* _WHAT THIS TASK INVOLVES_
Give back the lines of the records exactly, starting at the first and ending at the one with "[/\ alg_tensor2 t, alg_morph".
————————
(* (A, Delta, S, eps) with Delta : A -> T, where (T, t) is A (x) A. *)
Definition Hopf (A T : algType k) (t : A -> A -> T)
    (Delta : A -> T) (S : A -> A) (eps : A -> k) : Prop :=
  [/\ alg_tensor2 t, alg_morph Delta, alg_char eps & linear S] /\
   (* coassociativity: (Delta (x) id) Delta = (id (x) Delta) Delta *)
   exists (T3 : lmodType k) (t3 : A -> A -> A -> T3)
          (E : T -> A -> T3) (F : A -> T -> T3) (L R : T -> T3),
     is_tensor3 t3 /\
     [/\ (forall b, linear (fun x => E x b)) /\ (forall c d b, E (t c d) b = t3 c d b),
         (forall a, linear (F a)) /\ (forall a c d, F a (t c d) = t3 a c d),
         linear L /\ (forall c d, L (t c d) = E (Delta c) d),
         linear R /\ (forall c d, R (t c d) = F c (Delta d))
       & forall a, L (Delta a) = R (Delta a)] /\
   (* counit: (eps (x) id) Delta = id = (id (x) eps) Delta *)
   exists C1 C2 : T -> A,
     [/\ linear C1, linear C2,
         forall a b, C1 (t a b) = eps a *: b,
         forall a b, C2 (t a b) = eps b *: a
       & forall x, C1 (Delta x) = x /\ C2 (Delta x) = x] /\
   (* antipode: m (S (x) id) Delta = eta eps = m (id (x) S) Delta *)
   exists M1 M2 : T -> A,
     [/\ linear M1, linear M2,
         forall a b, M1 (t a b) = S a * b,
         forall a b, M2 (t a b) = a * S b
       & forall x, M1 (Delta x) = (eps x)%:A /\ M2 (Delta x) = (eps x)%:A].

Definition is_leg12 (B A2 TB T3 : algType k) (tB : B -> A2 -> TB)
    (t3 : B -> A2 -> A2 -> T3) (l : TB -> T3) : Prop :=
  linear l /\ forall b a, l (tB b a) = t3 b a 1.
Definition is_leg13 (B A2 TB T3 : algType k) (tB : B -> A2 -> TB)
    (t3 : B -> A2 -> A2 -> T3) (l : TB -> T3) : Prop :=
  linear l /\ forall b a, l (tB b a) = t3 b 1 a.

(* alpha : A1 -> B (x) A2 unital algebra homomorphism with
   alpha(a_(1))_12 alpha(a_(2))_13 = (id_B (x) Delta_2)(alpha(a)).
   Phi is the linear map c (x) d |-> alpha(c)_12 alpha(d)_13 on A1 (x) A1,
   so that Phi (Delta1 a) is the Sweedler sum; D is id_B (x) Delta_2. *)
Definition qfam_hom (A1 T11 B A2 TB T22 T3 : algType k)
    (t11 : A1 -> A1 -> T11) (Delta1 : A1 -> T11)
    (tB : B -> A2 -> TB) (t22 : A2 -> A2 -> T22) (Delta2 : A2 -> T22)
    (t3 : B -> A2 -> A2 -> T3) (leg12 leg13 : TB -> T3)
    (alpha : A1 -> TB) : Prop :=
  alg_morph alpha /\
  exists (Phi : T11 -> T3) (G : B -> T22 -> T3) (D : TB -> T3),
    [/\ linear Phi /\
          (forall c d, Phi (t11 c d) = leg12 (alpha c) * leg13 (alpha d)),
        (forall b, linear (G b)) /\ (forall b c d, G b (t22 c d) = t3 b c d),
        linear D /\ (forall b a, D (tB b a) = G b (Delta2 a))
      & forall a, Phi (Delta1 a) = D (alpha a)].

End HopfDefs.

(* Write P c := alpha(c)_12 and Q c := alpha(c)_13.  Both are algebra maps, and the
   defining identity of a quantum family says that their convolution
   P * Q = m (P (x) Q) Delta equals (id (x) Delta_2) alpha, so it is multiplicative.
   For such a pair of algebra maps out of a Hopf algebra the antipode recovers each
   factor from the convolution:
     Q a = sum P(S a_(1)) (P*Q)(a_(2))   and   P b = sum (P*Q)(b_(1)) Q(S b_(2)).
   Multiplicativity of P * Q turns the first formula into
     Q a (P*Q)(z) = sum P(z_(1)) Q a Q(z_(2)),
   and substituting this into the second one gives Q a P b = P b Q a.
   Sweedler sums sum f(a_(1), a_(2)) are the values at Delta a of the linear lift
   of a bilinear f, given by the universal property of the tensor product. *)

From HB Require Import structures.
From mathcomp Require Import all_boot all_order all_algebra.
From Stdlib Require Import ClassicalEpsilon FunctionalExtensionality.
Set Implicit Arguments. Unset Strict Implicit. Unset Printing Implicit Defensive.
Import GRing.Theory.
Local Open Scope ring_scope.

Section LinearMaps.
Variable k : fieldType.

Lemma linear_comp (U V W : lmodType k) (f : U -> V) (g : V -> W) :
  linear f -> linear g -> linear (fun x => g (f x)).
Proof. by move=> lf lg r x y; rewrite lf lg. Qed.

Lemma linear_mull (X : algType k) (c : X) : linear (fun x => c * x).
Proof. by move=> r x y; rewrite mulrDr scalerAr. Qed.

Lemma linear_mulr (X : algType k) (c : X) : linear (fun x => x * c).
Proof. by move=> r x y; rewrite mulrDl scalerAl. Qed.

Lemma bilin_mul (U V : lmodType k) (X : algType k) (f : U -> X) (g : V -> X) :
  linear f -> linear g -> bilin (fun u v => f u * g v).
Proof.
move=> lf lg; split=> [u|v]; first exact: linear_comp lg (linear_mull _).
exact: linear_comp lf (linear_mulr _).
Qed.

End LinearMaps.

Section TensorLift.
Variables (k : fieldType) (U V T : lmodType k) (t : U -> V -> T).
Hypothesis tensorT : is_tensor2 t.

(* Only a bilinear f has a lift; for any other f the value is an arbitrary map. *)
Definition tensor_lift (W : lmodType k) (f : U -> V -> W) : T -> W :=
  epsilon (inhabits (fun _ => 0))
    (fun g => linear g /\ forall u v, g (t u v) = f u v).

Lemma tensor_lift_ext (W : lmodType k) (f g : U -> V -> W) :
  (forall u v, f u v = g u v) -> tensor_lift f = tensor_lift g.
Proof.
move=> fg; suff -> : f = g by [].
by apply: functional_extensionality => u; apply: functional_extensionality.
Qed.

Section Bilinear.
Variables (W : lmodType k) (f : U -> V -> W).
Hypothesis bilin_f : bilin f.

Lemma tensor_lift_spec :
  linear (tensor_lift f) /\ forall u v, tensor_lift f (t u v) = f u v.
Proof. by case: tensorT => _ lift _; exact: epsilon_spec (lift _ _ bilin_f). Qed.

Lemma tensor_lift_linear : linear (tensor_lift f).
Proof. by case: tensor_lift_spec. Qed.

Lemma tensor_liftE u v : tensor_lift f (t u v) = f u v.
Proof. by case: tensor_lift_spec. Qed.

Lemma tensor_lift_unique (g : T -> W) :
  linear g -> (forall u v, g (t u v) = f u v) -> forall x, g x = tensor_lift f x.
Proof.
move=> lg gE; case: tensorT => _ _ uniq.
by apply: uniq => // [|u v]; [exact: tensor_lift_linear | rewrite gE tensor_liftE].
Qed.

End Bilinear.

Lemma tensor_lift_comp (W X : lmodType k) (f : U -> V -> W) (g : W -> X) :
  bilin f -> linear g ->
  forall x, g (tensor_lift f x) = tensor_lift (fun u v => g (f u v)) x.
Proof.
move=> bilin_f lg; have [lf1 lf2] := bilin_f.
apply: tensor_lift_unique => [||u v].
- by split=> [u|v]; apply: linear_comp lg.
- exact: linear_comp (tensor_lift_linear _) lg.
- by rewrite tensor_liftE.
Qed.

Lemma linear_tensor_lift_family (W D : lmodType k) (F : D -> U -> V -> W) :
  (forall d, bilin (F d)) -> (forall u v, linear (fun d => F d u v)) ->
  forall x, linear (fun d => tensor_lift (F d) x).
Proof.
move=> bilinF linF x r d d'; symmetry.
pose g y := r *: tensor_lift (F d) y + tensor_lift (F d') y.
apply: (tensor_lift_unique (bilinF _) (g := g)) => [s y z|u v]; rewrite /g.
  by rewrite !(tensor_lift_linear (bilinF _)) !scalerDr !scalerA addrACA [r * s]mulrC.
by rewrite linF !tensor_liftE.
Qed.

End TensorLift.

Section AlgebraTensor.
Variables (k : fieldType) (U V T : algType k) (t : U -> V -> T).
Hypothesis tensorT : alg_tensor2 t.

Lemma tensor_mul_ext (X : algType k) (h1 h2 h3 : T -> X) :
  linear h1 -> linear h2 -> linear h3 ->
  (forall u v u' v', h1 (t u v) * h2 (t u' v') = h3 (t (u * u') (v * v'))) ->
  forall x y, h1 x * h2 y = h3 (x * y).
Proof.
case: tensorT => -[_ _ uniq] _ tM lh1 lh2 lh3 hM.
have h1M u' v' x : h1 x * h2 (t u' v') = h3 (x * t u' v').
  apply: (uniq _ (fun x => h1 x * h2 (t u' v')) (fun x => h3 (x * t u' v'))) => [||u v].
  - exact: linear_comp lh1 (linear_mulr _).
  - exact: linear_comp (linear_mulr _) lh3.
  - by rewrite hM tM.
move=> x; apply: (uniq _ (fun y => h1 x * h2 y) (fun y => h3 (x * y))) => [||u v].
- exact: linear_comp lh2 (linear_mull _).
- exact: linear_comp (linear_mull _) lh3.
- exact: h1M.
Qed.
————————
* _EXPECTED ANSWER_
(* (A, Delta, S, eps) with Delta : A -> T, where (T, t) is A (x) A. *)
Definition Hopf (A T : algType k) (t : A -> A -> T)
    (Delta : A -> T) (S : A -> A) (eps : A -> k) : Prop :=
  [/\ alg_tensor2 t, alg_morph Delta, alg_char eps & linear S] /\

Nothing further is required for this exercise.